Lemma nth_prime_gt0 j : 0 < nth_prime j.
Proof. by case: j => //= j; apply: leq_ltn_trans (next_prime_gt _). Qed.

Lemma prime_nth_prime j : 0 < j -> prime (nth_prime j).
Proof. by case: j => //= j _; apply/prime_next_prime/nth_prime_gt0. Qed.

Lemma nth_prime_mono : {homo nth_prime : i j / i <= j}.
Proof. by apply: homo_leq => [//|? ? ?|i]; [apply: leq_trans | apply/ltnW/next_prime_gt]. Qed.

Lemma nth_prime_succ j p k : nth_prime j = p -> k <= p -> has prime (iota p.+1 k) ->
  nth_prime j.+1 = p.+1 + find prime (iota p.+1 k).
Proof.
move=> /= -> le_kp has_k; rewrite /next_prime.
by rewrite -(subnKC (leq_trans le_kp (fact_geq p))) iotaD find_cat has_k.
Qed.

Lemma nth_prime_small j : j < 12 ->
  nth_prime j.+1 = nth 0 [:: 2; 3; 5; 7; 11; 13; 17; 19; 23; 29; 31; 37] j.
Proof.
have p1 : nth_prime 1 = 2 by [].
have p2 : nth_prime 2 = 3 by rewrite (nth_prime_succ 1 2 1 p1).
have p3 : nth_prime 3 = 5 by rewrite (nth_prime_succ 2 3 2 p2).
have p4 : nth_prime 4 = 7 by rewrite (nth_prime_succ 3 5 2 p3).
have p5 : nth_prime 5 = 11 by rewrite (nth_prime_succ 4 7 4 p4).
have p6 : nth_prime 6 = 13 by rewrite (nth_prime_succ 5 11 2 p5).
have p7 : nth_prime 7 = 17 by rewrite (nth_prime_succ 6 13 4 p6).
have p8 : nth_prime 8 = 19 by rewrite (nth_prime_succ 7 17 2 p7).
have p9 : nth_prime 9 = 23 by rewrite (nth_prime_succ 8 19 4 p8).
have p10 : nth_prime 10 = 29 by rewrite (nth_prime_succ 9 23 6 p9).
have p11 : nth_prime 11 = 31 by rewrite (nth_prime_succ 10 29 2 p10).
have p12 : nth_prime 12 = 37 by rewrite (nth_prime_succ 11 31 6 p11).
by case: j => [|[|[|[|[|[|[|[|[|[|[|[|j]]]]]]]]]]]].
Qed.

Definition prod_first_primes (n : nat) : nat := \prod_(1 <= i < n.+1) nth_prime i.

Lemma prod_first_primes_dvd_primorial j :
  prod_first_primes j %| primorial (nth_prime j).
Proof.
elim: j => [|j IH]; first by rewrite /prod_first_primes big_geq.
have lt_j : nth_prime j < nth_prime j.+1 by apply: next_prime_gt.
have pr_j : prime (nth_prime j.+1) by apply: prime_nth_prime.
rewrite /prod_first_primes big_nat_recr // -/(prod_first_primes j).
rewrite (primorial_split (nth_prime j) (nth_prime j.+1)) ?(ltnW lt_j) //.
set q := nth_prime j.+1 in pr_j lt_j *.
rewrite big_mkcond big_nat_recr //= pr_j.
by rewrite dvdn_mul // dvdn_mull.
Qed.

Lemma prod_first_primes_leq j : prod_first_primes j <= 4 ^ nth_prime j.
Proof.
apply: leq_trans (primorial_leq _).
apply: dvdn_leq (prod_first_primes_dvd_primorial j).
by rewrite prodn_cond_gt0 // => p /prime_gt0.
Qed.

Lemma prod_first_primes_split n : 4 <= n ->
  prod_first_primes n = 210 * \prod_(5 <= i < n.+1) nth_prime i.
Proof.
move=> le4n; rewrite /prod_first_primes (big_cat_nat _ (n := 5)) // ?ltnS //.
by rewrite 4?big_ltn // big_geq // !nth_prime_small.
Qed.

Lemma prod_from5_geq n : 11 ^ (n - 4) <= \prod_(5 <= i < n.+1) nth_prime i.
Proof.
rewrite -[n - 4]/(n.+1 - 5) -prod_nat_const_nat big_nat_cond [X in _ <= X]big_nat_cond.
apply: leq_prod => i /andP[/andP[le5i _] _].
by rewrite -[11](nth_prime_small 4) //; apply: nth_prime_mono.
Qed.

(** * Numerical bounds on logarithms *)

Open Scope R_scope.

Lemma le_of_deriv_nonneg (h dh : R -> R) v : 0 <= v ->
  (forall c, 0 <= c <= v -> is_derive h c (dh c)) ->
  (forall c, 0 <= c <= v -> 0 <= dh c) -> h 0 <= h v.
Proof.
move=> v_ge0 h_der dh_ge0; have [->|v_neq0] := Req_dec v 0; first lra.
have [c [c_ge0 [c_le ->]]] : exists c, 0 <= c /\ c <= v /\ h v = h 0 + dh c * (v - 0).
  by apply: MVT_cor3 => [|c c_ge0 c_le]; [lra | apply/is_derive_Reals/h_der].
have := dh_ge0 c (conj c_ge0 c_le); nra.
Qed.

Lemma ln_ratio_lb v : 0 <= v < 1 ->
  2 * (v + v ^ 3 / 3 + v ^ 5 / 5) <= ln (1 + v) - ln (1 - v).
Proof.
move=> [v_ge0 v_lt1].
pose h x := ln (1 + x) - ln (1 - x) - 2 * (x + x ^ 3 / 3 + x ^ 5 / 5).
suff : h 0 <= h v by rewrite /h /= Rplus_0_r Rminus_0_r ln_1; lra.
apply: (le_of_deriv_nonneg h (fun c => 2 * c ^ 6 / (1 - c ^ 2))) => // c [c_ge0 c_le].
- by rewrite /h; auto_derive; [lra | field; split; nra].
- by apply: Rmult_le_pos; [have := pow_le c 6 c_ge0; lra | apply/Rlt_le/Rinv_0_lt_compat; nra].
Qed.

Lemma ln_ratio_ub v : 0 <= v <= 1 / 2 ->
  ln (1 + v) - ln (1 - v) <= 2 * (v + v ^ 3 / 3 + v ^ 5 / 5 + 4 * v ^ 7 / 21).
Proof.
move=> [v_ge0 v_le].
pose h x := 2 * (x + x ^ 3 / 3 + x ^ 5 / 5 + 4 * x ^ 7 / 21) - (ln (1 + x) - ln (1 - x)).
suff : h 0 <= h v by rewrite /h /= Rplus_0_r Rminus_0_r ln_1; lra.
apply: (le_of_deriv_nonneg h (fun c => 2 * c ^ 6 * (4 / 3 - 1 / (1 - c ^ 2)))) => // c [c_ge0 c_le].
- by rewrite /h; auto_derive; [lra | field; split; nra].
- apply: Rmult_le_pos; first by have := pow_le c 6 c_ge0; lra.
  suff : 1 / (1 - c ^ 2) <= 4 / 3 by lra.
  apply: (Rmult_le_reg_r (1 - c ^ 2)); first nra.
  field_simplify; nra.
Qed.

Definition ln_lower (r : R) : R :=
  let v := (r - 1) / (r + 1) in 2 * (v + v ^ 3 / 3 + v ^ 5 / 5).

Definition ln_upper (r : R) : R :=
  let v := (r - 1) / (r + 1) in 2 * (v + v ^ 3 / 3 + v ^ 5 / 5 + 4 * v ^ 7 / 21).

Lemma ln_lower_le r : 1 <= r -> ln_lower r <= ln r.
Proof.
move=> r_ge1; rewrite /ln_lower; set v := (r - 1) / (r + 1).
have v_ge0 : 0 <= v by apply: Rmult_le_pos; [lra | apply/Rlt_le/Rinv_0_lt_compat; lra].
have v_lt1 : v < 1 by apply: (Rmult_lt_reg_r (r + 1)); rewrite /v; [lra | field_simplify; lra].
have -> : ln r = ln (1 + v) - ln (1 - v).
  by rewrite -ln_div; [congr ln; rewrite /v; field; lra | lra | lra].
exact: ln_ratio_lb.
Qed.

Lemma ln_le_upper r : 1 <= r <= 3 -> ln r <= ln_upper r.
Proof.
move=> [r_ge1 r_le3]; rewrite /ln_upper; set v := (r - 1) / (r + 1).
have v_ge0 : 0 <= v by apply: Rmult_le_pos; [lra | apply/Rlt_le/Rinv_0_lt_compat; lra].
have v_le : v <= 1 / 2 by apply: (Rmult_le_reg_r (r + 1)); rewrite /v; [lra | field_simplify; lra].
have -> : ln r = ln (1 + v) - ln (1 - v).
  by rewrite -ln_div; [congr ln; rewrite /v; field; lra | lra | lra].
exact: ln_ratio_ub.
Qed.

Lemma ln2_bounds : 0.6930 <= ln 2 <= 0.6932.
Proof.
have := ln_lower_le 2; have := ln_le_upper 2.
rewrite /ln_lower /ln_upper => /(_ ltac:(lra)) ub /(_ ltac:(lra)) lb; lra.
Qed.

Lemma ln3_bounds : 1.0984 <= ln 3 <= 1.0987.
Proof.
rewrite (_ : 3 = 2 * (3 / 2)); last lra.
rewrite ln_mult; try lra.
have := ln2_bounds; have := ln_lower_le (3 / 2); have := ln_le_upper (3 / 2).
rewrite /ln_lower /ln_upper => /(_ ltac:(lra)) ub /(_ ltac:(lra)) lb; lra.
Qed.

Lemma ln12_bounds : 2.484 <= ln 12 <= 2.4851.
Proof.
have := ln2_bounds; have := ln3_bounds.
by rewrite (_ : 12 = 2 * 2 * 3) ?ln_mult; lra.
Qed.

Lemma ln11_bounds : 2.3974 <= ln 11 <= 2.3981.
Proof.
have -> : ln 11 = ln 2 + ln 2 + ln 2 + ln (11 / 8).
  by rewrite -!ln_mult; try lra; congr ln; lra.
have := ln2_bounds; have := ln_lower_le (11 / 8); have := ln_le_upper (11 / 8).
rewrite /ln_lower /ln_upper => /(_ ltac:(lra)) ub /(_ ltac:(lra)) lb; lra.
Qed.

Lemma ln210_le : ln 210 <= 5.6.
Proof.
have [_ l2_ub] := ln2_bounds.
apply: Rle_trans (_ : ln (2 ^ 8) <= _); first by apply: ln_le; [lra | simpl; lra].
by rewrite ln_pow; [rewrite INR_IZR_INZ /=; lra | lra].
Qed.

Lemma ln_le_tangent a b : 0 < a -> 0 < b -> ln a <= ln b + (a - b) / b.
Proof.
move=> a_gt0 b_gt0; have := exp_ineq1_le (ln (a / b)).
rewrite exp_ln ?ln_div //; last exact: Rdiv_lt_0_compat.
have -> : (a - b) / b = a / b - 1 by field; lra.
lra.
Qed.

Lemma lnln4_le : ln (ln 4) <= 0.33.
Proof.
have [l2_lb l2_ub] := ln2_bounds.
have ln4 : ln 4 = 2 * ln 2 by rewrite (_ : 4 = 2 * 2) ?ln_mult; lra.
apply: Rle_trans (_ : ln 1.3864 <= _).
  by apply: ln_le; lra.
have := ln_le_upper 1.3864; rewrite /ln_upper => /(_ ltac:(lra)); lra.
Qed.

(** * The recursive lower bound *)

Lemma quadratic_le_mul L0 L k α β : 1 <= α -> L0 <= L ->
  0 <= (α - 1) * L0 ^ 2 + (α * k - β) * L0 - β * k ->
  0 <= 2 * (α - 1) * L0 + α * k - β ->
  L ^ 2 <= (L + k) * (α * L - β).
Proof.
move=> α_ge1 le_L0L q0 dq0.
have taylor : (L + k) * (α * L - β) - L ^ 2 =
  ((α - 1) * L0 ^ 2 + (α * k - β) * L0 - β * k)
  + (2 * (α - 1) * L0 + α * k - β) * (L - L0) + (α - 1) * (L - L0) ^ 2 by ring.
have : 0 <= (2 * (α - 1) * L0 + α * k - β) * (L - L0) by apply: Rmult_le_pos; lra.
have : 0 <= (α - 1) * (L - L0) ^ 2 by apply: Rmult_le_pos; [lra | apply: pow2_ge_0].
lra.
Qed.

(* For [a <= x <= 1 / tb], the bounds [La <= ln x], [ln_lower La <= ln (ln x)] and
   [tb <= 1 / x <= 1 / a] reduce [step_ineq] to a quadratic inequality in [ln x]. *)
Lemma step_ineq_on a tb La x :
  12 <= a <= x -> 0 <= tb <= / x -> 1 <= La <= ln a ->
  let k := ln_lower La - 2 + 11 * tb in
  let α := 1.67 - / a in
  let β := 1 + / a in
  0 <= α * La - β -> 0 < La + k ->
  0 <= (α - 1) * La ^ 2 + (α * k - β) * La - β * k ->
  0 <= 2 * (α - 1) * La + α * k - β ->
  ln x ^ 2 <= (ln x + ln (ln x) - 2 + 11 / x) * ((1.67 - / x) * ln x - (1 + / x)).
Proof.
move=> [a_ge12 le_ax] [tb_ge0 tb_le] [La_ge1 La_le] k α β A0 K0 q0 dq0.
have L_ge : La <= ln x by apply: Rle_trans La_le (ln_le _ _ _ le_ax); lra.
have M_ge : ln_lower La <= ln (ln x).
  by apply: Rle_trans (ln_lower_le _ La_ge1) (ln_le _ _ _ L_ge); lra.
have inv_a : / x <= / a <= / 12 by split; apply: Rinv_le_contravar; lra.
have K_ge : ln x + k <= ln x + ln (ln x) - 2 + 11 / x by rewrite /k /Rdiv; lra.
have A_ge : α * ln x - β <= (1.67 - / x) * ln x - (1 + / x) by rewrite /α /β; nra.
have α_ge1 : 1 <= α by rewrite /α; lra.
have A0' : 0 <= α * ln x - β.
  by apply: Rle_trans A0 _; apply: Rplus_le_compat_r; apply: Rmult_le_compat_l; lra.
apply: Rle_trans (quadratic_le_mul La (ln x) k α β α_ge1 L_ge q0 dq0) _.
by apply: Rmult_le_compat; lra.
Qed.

+ + + +

**WHAT YOU NEED TO DO:**
Looking at the entries above, can you reproduce exactly the lines from the one that holds "have p5 : nth_prime" through the one that holds "have p11 : nth_prime", and only those?

**EXPECTED ANSWER:**
have p5 : nth_prime 5 = 11 by rewrite (nth_prime_succ 4 7 4 p4).
have p6 : nth_prime 6 = 13 by rewrite (nth_prime_succ 5 11 2 p5).
have p7 : nth_prime 7 = 17 by rewrite (nth_prime_succ 6 13 4 p6).
have p8 : nth_prime 8 = 19 by rewrite (nth_prime_succ 7 17 2 p7).
have p9 : nth_prime 9 = 23 by rewrite (nth_prime_succ 8 19 4 p8).
have p10 : nth_prime 10 = 29 by rewrite (nth_prime_succ 9 23 6 p9).
have p11 : nth_prime 11 = 31 by rewrite (nth_prime_succ 10 29 2 p10).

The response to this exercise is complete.